Regardons la Charte pour la Flandre de plus près : Le premier article renvoie aux trois premiers articles de la Constitution belge. Article 2 « se présente implicitement comme une application analogue des articles 33 et 34 de la Constitution belge ». Article 3 renvoie aux articles 4, 5, 7 et 128 de la Constitution belge. Les droits et les libertés sont énumérés sous le Titre II, ces articles renvoient simplement à la Charte des droits fondamentaux de l’Union européenne du 7 décembre 2000, …

Un texte symbolique reprenant de grands principes mais qui n’apporte rien aux citoyens. L’autonomie constitutive peut très bien être définie dans une Constitution belge. Cette Constitution reprend déjà explicitement les compétences confiées aux pouvoirs publics régionaux.

La nécessité d’une Constitution flamande est de plus réfutée par la simple raison que les régions ont aujourd’hui assez de compétences pour permettre l’intégrations des primo-arrivants. La Flandre est non seulement compétente en matière d’accueil des nouveaux Belges par exemple, mais est encore en charge de la politique de l’emploi, de la politique du logement, de la politique des familles et de l’enseignement. En résumé : la Flandre a suffisamment de leviers pour s’ancrer comme entité sociale. L’argument du sp.a exprimé par Bart Van Malderen, chef de groupe de l’époque, renvoyait essentiellement aux point sociaux du texte et consistait à dire que la Flandre « est ancrée en tant qu’entité sociale » grâce à cette Constitution flamande. Cet argument est pour le moins peu crédible. Il n’est pas ici question de responsabilité de la « Belgique à papa » ou des « Wallons fainéants » mais de bonne gestion.
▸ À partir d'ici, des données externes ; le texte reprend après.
(* If $K$ is a compact Collins–Roscoe space, then $K$ is monotonically Sokolov.
   Context: All spaces are Hausdorff. A family $\mathcal N$ of subsets of a space $T$ is an external network of $A\subset T$ in $T$ if for every $a\in A$ and every open $U\ni a$ there is $N\in\mathcal N$ with $a\in N\subset U$. A space $T$ is a Collins–Roscoe space if to each $x\in T$ one can assign a countable family $\mathcal O(x)$ of subsets of $T$ such that for every $A\subset T$, $\bigcup\{\mathcal O(x): x\in A\}$ is an external network of $\overline{A}$ in $T$. Let $X,Y$ be sets, $\mathcal O$ a family of subsets of $X$ closed under countable increasing unions, $\mathcal N$ a family of subsets of $Y$, and $f:\mathcal O\to\mathcal N$. Then $f$ is $\omega$-monotone if: (a) $f(A)$ is countable for every countable $A\in\mathcal O$; (b) $A\subset B$, $A,B\in\mathcal O$ imply $f(A)\subset f(B)$; (c) if $A_n\in\mathcal O$ and $A_n\subset A_{n+1}$ for all $n\in\omega$ then $f(\bigcup_n A_n)=\bigcup_n f(A_n)$. A space $T$ is monotonically Sokolov if to every countable family $\mathcal F$ of closed subsets of $T$ one can assign a continuous retraction $r_{\mathcal F}:T\to T$ and a countable external network $\mathcal N(\mathcal F)$ of $r_{\mathcal F}(T)$ in $T$ such that $r_{\mathcal F}(F)\subset F$ for every $F\in\mathcal F$ and the assignment $\mathcal F\mapsto\mathcal N(\mathcal F)$ is $\omega$-monotone. *)

From HB Require Import structures.
From mathcomp Require Import all_boot all_order.
From mathcomp Require Import all_classical.
From mathcomp Require Import topology.
Set Implicit Arguments. Unset Strict Implicit. Unset Printing Implicit Defensive.
Local Open Scope classical_set_scope.

Definition external_network {T : topologicalType} (N : set (set T)) (A : set T) : Prop :=
  forall a, A a -> forall U : set T, open U -> U a ->
    exists2 N0, N N0 & N0 a /\ N0 `<=` U.

Definition collins_roscoe (T : topologicalType) : Prop :=
  exists O : T -> set (set T),
    (forall x, countable (O x)) /\
    (forall A : set T, external_network (\bigcup_(x in A) O x) (closure A)).

(* omega-monotone map f : Dom -> set Y, Dom a family of subsets of X
   (assumed closed under countable increasing unions). *)
Definition omega_monotone {X Y : Type} (Dom : set (set X)) (f : set X -> set Y) : Prop :=
  [/\ (forall A, Dom A -> countable A -> countable (f A)),
      (forall A B, Dom A -> Dom B -> A `<=` B -> f A `<=` f B) &
      (forall An : nat -> set X, (forall n, Dom (An n)) ->
         (forall n, An n `<=` An n.+1) ->
         f (\bigcup_n An n) = \bigcup_n f (An n))].

Definition ctbl_closed_families (T : topologicalType) : set (set (set T)) :=
  [set F | countable F /\ (forall C, F C -> closed C)].

Definition retraction {T : topologicalType} (r : T -> T) : Prop :=
  continuous r /\ (forall x, r (r x) = r x).

Definition monotonically_sokolov (T : topologicalType) : Prop :=
  exists (r : set (set T) -> T -> T) (N : set (set T) -> set (set T)),
    (forall F, @ctbl_closed_families T F ->
       [/\ retraction (r F),
           countable (N F),
           external_network (N F) (range (r F)) &
           (forall C, F C -> r F @` C `<=` C)]) /\
    omega_monotone (@ctbl_closed_families T) N.

From HB Require Import structures.
From mathcomp Require Import all_boot all_order all_algebra.
From mathcomp Require Import all_classical all_reals.
From mathcomp Require Import topology normedtype.
From mathcomp Require Import Rstruct finmap lra.
Import Order.TTheory GRing.Theory Num.Theory.
Import numFieldNormedType.Exports.
Local Open Scope classical_set_scope.
Local Open Scope ring_scope.
Set Implicit Arguments. Unset Strict Implicit. Unset Printing Implicit Defensive.

(* Fix a countable family F of closed sets.  Close a countable set D of
   points under the step: for every finite family of cells
   {z | |f z * (k+1) - j| < 1}, where f is the Urysohn function of the
   closures of two members of the network O(D) = U_{d in D} O(d), and for
   every C in F and for C = K, add a point of C lying in all these cells if
   there is one.  For x in C, the traces on D `&` C of the finite families of
   cells around x then form a proper filter, and a cluster point y lies in
   closure (D `&` C) and agrees with x on every such f.  The Collins-Roscoe
   property makes these f separate the points of closure D, so y =: r(x) is
   unique; hence r is a retraction onto closure D mapping each C into itself,
   continuous because K is compact.  O(D) is a countable external network of
   closure D, and F |-> O(D) is omega-monotone because each step only looks
   at finitely many points. *)

Lemma countableU (T : Type) (A B : set T) :
  countable A -> countable B -> countable (A `|` B).
Proof.
move=> cA cB; have : countable (\bigcup_(b in [set: bool]) if b then A else B).
  by apply: bigcup_countable => // -[].
by apply: sub_countable; apply: subset_card_le => z [Az|Bz]; [exists true|exists false].
Qed.

Lemma countable_image (T U : Type) (f : T -> U) (A : set T) :
  countable A -> countable (f @` A).
Proof. exact/sub_countable/card_image_le. Qed.

Lemma subset_incr_homo (T : Type) (A : nat -> set T) :
  (forall n, A n `<=` A n.+1) -> {homo A : n m / (n <= m)%N >-> n `<=` m}.
Proof.
move=> Ai n m; elim: m => [|m IH]; first by rewrite leqn0 => /eqP ->.
by rewrite leq_eqVlt => /orP[/eqP ->//|/IH nm]; apply: subset_trans nm (Ai m).
Qed.

Lemma seq_sub_bigcup_incr (T : eqType) (A : nat -> set T) (s : seq T) :
  {homo A : n m / (n <= m)%N >-> n `<=` m} ->
  (forall x, x \in s -> exists n, A n x) ->
  exists m, forall x, x \in s -> A m x.
Proof.
move=> Am; elim: s => [|x s IH] sA; first by exists 0%N.
have [n Anx] := sA x (mem_head x s).
have [m sAm] : exists m, forall y, y \in s -> A m y.
  by apply: IH => y ys; apply: sA; rewrite inE ys orbT.
exists (maxn n m) => y; rewrite inE => /orP[/eqP->|ys].
  exact: Am (leq_maxl n m) _ Anx.
exact: Am (leq_maxr n m) _ (sAm _ ys).
Qed.

Lemma fset_sub_bigcup_incr (T : choiceType) (A : nat -> set T) (P : {fset T}) :
  {homo A : n m / (n <= m)%N >-> n `<=` m} ->
  (forall x, x \in P -> exists n, A n x) -> exists m, [set` P] `<=` A m.
Proof. by move=> Am /(seq_sub_bigcup_incr Am) [m PAm]; exists m => x /PAm. Qed.

Lemma external_networkS (T : topologicalType) (N : set (set T)) (A B : set T) :
  B `<=` A -> external_network N A -> external_network N B.
Proof. by move=> BA hN a /BA; apply: hN. Qed.


Section Cells.
Context (T : Type) (R : realType).

Definition cell (f : T -> R) (j : int) (k : nat) : set T :=
  [set z | `|f z * k.+1%:R - j%:~R| < 1].

Lemma cell_floor (f : T -> R) k x : cell f (Num.floor (f x * k.+1%:R)) k x.
Proof.
have /andP[lo hi] := floor_itv (f x * k.+1%:R); rewrite intrD in hi.
rewrite /cell /= ger0_norm ?subr_ge0 //; lra.
Qed.

Lemma cell_dist (f : T -> R) j k a b :
  cell f j k a -> cell f j k b -> `|f a - f b| * k.+1%:R < 2.
Proof.
rewrite /cell /= => ha hb; rewrite -[k.+1%:R]ger0_norm // -normrM mulrBl.
have := ler_distD (j%:~R) (f a * k.+1%:R) (f b * k.+1%:R).
rewrite (distrC j%:~R); lra.
Qed.
End Cells.

Section Scales.
Context (R : realType).

Lemma scaled_dist_lt_eq (a b c : R) :
  (forall k : nat, `|a - b| * k.+1%:R < c) -> a = b.
Proof.
move=> abc; apply/eqP; rewrite -subr_eq0 -normr_eq0; apply: contraT => ab0.
have d0 : 0 < `|a - b| by rewrite lt_def ab0 normr_ge0.
have := truncnS_gt (c / `|a - b|); rewrite ltr_pdivrMr // mulrC.
by rewrite ltNge ltW // abc.
Qed.

Lemma nbhs_scaled_dist (T : topologicalType) (f : T -> R) x (k : nat) :
  continuous f -> nbhs x [set w | `|f w - f x| * k.+1%:R < 1].
Proof.
move=> cf; have := @cvgr_dist_lt _ _ _ _ (nbhs_filter x) f (f x) (cf x) k.+1%:R^-1.
rewrite invr_gt0 ltr0n => /(_ isT); apply: filterS => w /=.
by rewrite distrC -ltr_pdivlMr ?ltr0n // mul1r.
Qed.

Lemma cluster_scaled_eq (T : topologicalType) (G : set_system T)
    (f : T -> R) z c :
  continuous f -> cluster G z ->
  (forall k : nat, G [set u | `|f u - c| * k.+1%:R < 2]) -> f z = c.
Proof.
move=> cf clz Gc; apply: (@scaled_dist_lt_eq _ _ 3) => k.
have [u [uc uz]] := clz _ _ (Gc k) (nbhs_scaled_dist z k cf).
rewrite /= in uc; rewrite /= distrC in uz.
have := ler_distD (f u) (f z) c; rewrite -(ler_pM2r (ltr0Sn R k)) mulrDl; lra.
Qed.

End Scales.

Section Construction.
Context (K : topologicalType) (R : realType) (O : K -> set (set K)).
Pour conclure : à nouveau d’après le ministre-président flamand Bourgeois (N-VA), la Constitution flamande comprend un préambule « qui engage et donne forme à la citoyenneté flamande ». Ces valeurs sont déjà inscrites dans la Constitution belge comme démontré précédemment. L’Alliance Belge plaide bien pour l’ajout d’un préambule à la Constitution belge comme c’est le cas dans plusieurs pays dont les États-Unis d’Amérique auxquels les protagonistes de la Constitution flamande aiment se comparer. La traduction du préambule comporte les phrases suivantes : « Nous, le peuple des États-Unis, en vue de former une union plus parfaite, d’établir la justice, d’assurer la paix intérieure, de pourvoir à la défense commune, de développer la prospérité générale et d’assurer les bienfaits de la liberté à nous-mêmes et à notre postérité, nous ordonnons et établissons la présente Constitution pour les États-Unis d’Amérique. » (http://mjp.univ-perp.fr/constit/us1787.htm#pr). L’union plus parfaite dont question dans ce préambule est naturellement absente avec un parti flamand nationaliste désirant, par exemple, se détourner des Belges francophones et germanophones. C’est pourquoi l’Alliance Belge voudrait plaider pour l’ajout d’un préambule à la Constitution belge qui ancrerait et renforcerait légalement l’union entre tous les Belges.